The great flood of 1927 changed the American South forever. After a heavy spring rain, the Mississippi burst its banks, covering land from Illinois down to Memphis in several feet of water. Louisiana was next. A clique of bankers and governors blew a levee above New Orleans to spare the city. The swollen river was diverted across the farms and plantations of St Bernard and Plaquemines parishes, leaving many homeless and without compensation. As the waters rose, hundreds lost their lives and millions their livelihoods.

“The cotton fields were wiped out... disemploying hundreds of thousands of Black field-workers,” said Randy Newman. “They all moved north and were greeted with open arms right across America.” Newman, born in New Orleans, was by no means the first to compose a song about the great flood. After the waters subsided, many wrote and sang of the tragedy. One piece of musical reportage written in 1927, Kansas Joe McCoy and Memphis Minnie’s “When the Levee Breaks”, was later made famous by Led Zeppelin.

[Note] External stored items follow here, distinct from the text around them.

(* Let $q=2^m$ and let $f:\mathbb{F}_q\to\mathbb{F}_q$ be a function. The following two properties are equivalent: (i) there exist $\alpha,\beta\in\mathbb{F}_q$ and six distinct elements $x_0,x_1,x_2,x_3,x_4,x_5\in\mathbb{F}_q$ such that $$x_0+x_1=\alpha,\ f(x_0)+f(x_1)=\beta;\quad x_2+x_3=\alpha,\ f(x_2)+f(x_3)=\beta;\quad x_4+x_5=\alpha,\ f(x_4)+f(x_5)=\beta;$$ (ii) there exist four distinct elements $x_0,x_1,x_2,x_4\in\mathbb{F}_q$ with $x_0+x_1+x_2+x_4\neq 0$ such that $$f(x_0)+f(x_1)+f(x_2)+f(x_0+x_1+x_2)=0\quad\text{and}\quad f(x_0)+f(x_1)+f(x_4)+f(x_0+x_1+x_4)=0.$$
   Context: $\mathbb{F}_q$ denotes the finite field with $q=2^m$ elements (characteristic 2). *)

From mathcomp Require Import all_boot all_order all_algebra all_field.
Set Implicit Arguments. Unset Strict Implicit. Unset Printing Implicit Defensive.

(** A pair {x, y} with x + y = s is a translation orbit {x, x + s} of the
    involution x |-> x + s, and on such an orbit f x + f y is the directional
    derivative f x + f (x + s).  So (i) asks for three distinct orbits of one
    translation on which the derivative takes the same value.  Given x0, x1 of
    the first orbit and one point x2, x4 of each of the other two, the
    remaining points are x0 + x1 + x2 and x0 + x1 + x4; equality of the
    derivatives becomes the two four-term sums of (ii), and the distinctness
    of the six points becomes that of x0, x1, x2, x4 together with
    x4 <> x0 + x1 + x2, i.e. x0 + x1 + x2 + x4 <> 0. *)

From mathcomp Require Import all_boot all_order all_algebra all_field.
Set Implicit Arguments.
Unset Strict Implicit.
Unset Printing Implicit Defensive.
Import GRing.Theory.
Local Open Scope ring_scope.

Section Char2.

Variable M : zmodType.
Hypothesis addMM : forall x : M, x + x = 0.

Lemma oppr_char2 (x : M) : - x = x.
Proof. by apply/esym/eqP; rewrite -addr_eq0 addMM. Qed.

Lemma addKr_char2 (x y : M) : x + (x + y) = y.
Proof. by rewrite addrA addMM add0r. Qed.

Lemma addr_eq0_char2 (x y : M) : (x + y == 0) = (x == y).
Proof. by rewrite addr_eq0 oppr_char2. Qed.

Lemma addr_eq_char2 (x y z : M) : (x + y == z) = (x == z + y).
Proof. by rewrite -subr_eq oppr_char2. Qed.

Lemma addr4_eq0_char2 (x y z t : M) : (x + y + z + t == 0) = (x + y == z + t).
Proof. by rewrite -addrA addr_eq0_char2. Qed.

Lemma addrr_eq_char2 (x y : M) : (x == x + y) = (y == 0).
Proof. by rewrite eq_sym addr_eq_char2 -addr_eq0_char2 addKr_char2. Qed.

End Char2.

Section TranslationOrbits.

Variables V W : zmodType.
Hypotheses (addVV : forall x : V, x + x = 0) (addWW : forall y : W, y + y = 0).
Variable f : V -> W.

Definition dir_deriv (s x : V) : W := f x + f (x + s).

Lemma uniq_translation_orbits (s a b c : V) :
  uniq [:: a; a + s; b; b + s; c; c + s] =
  uniq [:: a; a + s; b; c] && (b + s != c).
Proof.
rewrite /= !inE !negb_or !(inj_eq (addIr s)) !addrr_eq_char2 //.
(* Both sides are now conjunctions of the same seven disequalities. *)
by rewrite ![_ + s == _]addr_eq_char2 //; do !case: (_ == _).
Qed.

Lemma three_orbitsP :
  (exists (alpha : V) (beta : W) (x0 x1 x2 x3 x4 x5 : V),
      uniq [:: x0; x1; x2; x3; x4; x5] /\
      x0 + x1 = alpha /\ f x0 + f x1 = beta /\
      x2 + x3 = alpha /\ f x2 + f x3 = beta /\
      x4 + x5 = alpha /\ f x4 + f x5 = beta)
  <->
  (exists s a b c : V,
      [/\ uniq [:: a; a + s; b; c], b + s != c,
           dir_deriv s a = dir_deriv s b & dir_deriv s a = dir_deriv s c]).
Proof.
split.
- move=> [s [d [a [x1 [b [x3 [c [x5 [U [e1 [fa [e3 [fb [e5 fc]]]]]]]]]]]]]].
  have dx1 : x1 = a + s by rewrite -e1 addKr_char2.
  have dx3 : x3 = b + s by rewrite -e3 addKr_char2.
  have dx5 : x5 = c + s by rewrite -e5 addKr_char2.
  subst x1 x3 x5; move: U; rewrite uniq_translation_orbits // => /andP[U bc].
  by exists s, a, b, c; rewrite /dir_deriv fa fb fc.
- move=> [s [a [b [c [U bc Dab Dac]]]]].
  exists s, (dir_deriv s a), a, (a + s), b, (b + s), c, (c + s).
  by rewrite uniq_translation_orbits // U bc !addKr_char2.
Qed.

Lemma two_quadruplesP :
  (exists (x0 x1 x2 x4 : V),
      uniq [:: x0; x1; x2; x4] /\
      x0 + x1 + x2 + x4 != 0 /\
      f x0 + f x1 + f x2 + f (x0 + x1 + x2) = 0 /\
      f x0 + f x1 + f x4 + f (x0 + x1 + x4) = 0)
  <->
  (exists s a b c : V,
      [/\ uniq [:: a; a + s; b; c], b + s != c,
           dir_deriv s a = dir_deriv s b & dir_deriv s a = dir_deriv s c]).
Proof.
split.
- move=> [a [x1 [b [c [U [abc [fab fac]]]]]]].
  exists (a + x1), a, b, c; rewrite /dir_deriv addKr_char2 //.
  move: abc fab fac; rewrite !(addrC _ (a + x1)) addr_eq0_char2 //.
  move=> -> /eqP fab /eqP fac.
  by split=> //; apply/eqP; rewrite -addr4_eq0_char2.
- move=> [s [a [b [c [U bc Dab Dac]]]]].
  exists a, (a + s), b, c; rewrite !addKr_char2 // addr_eq0_char2 // !(addrC s).
  by do !split=> //; apply/eqP; rewrite addr4_eq0_char2 //; apply/eqP.
Qed.

End TranslationOrbits.

Theorem lemma2p1 (F : finFieldType) (m : nat)
  (hchar : (2 \in [pchar F])%N) (hcard : #|F| = (2 ^ m)%N) (f : F -> F) :
  (exists (alpha beta x0 x1 x2 x3 x4 x5 : F),
      uniq [:: x0; x1; x2; x3; x4; x5] /\
      x0 + x1 = alpha /\ f x0 + f x1 = beta /\
      x2 + x3 = alpha /\ f x2 + f x3 = beta /\
      x4 + x5 = alpha /\ f x4 + f x5 = beta)
  <->
  (exists (x0 x1 x2 x4 : F),
      uniq [:: x0; x1; x2; x4] /\
      x0 + x1 + x2 + x4 != 0 /\
      f x0 + f x1 + f x2 + f (x0 + x1 + x2) = 0 /\
      f x0 + f x1 + f x4 + f (x0 + x1 + x4) = 0).
Proof.
have addFF := addrr_pchar2 hchar.
exact: iff_trans (three_orbitsP addFF f) (iff_sym (two_quadruplesP addFF addFF f)).
Qed.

The great delta bluesman Big Bill Broonzy recalled that one record company executive promised $500 for the best song about the flood. The singer Bessie Smith won, with her “Back Water Blues”. “It had more feelings to it, and it had more sense, too,” said Broonzy. “I don’t think nobody in the world ever sang it like Bessie.” But no white songwriter has written of the flood like Newman.

“Louisiana 1927”, sung in the voice of one who escaped the rising waters, is mesmerising. It swells into an unbearable refrain: “Louisiana, Louisiana, they’re tryin’ to wash us away, they’re tryin’ to wash us away.” “A song like ‘Louisiana’, the intro to it, that sort of plantation music felt right to me,” said Newman. “[It’s] a conscious attempt to put you in the place I’m singing about or with the people I’m singing about.”

It was first recorded at Amigo Studios, Hollywood early in 1973. As a single, issued in 1975, it did nothing, but it remains a pivotal track on Newman’s album of “Southern discomfort”, Good Old Boys, and one of his greatest songs. In 1991 it was covered, and arguably bettered, by Aaron Neville.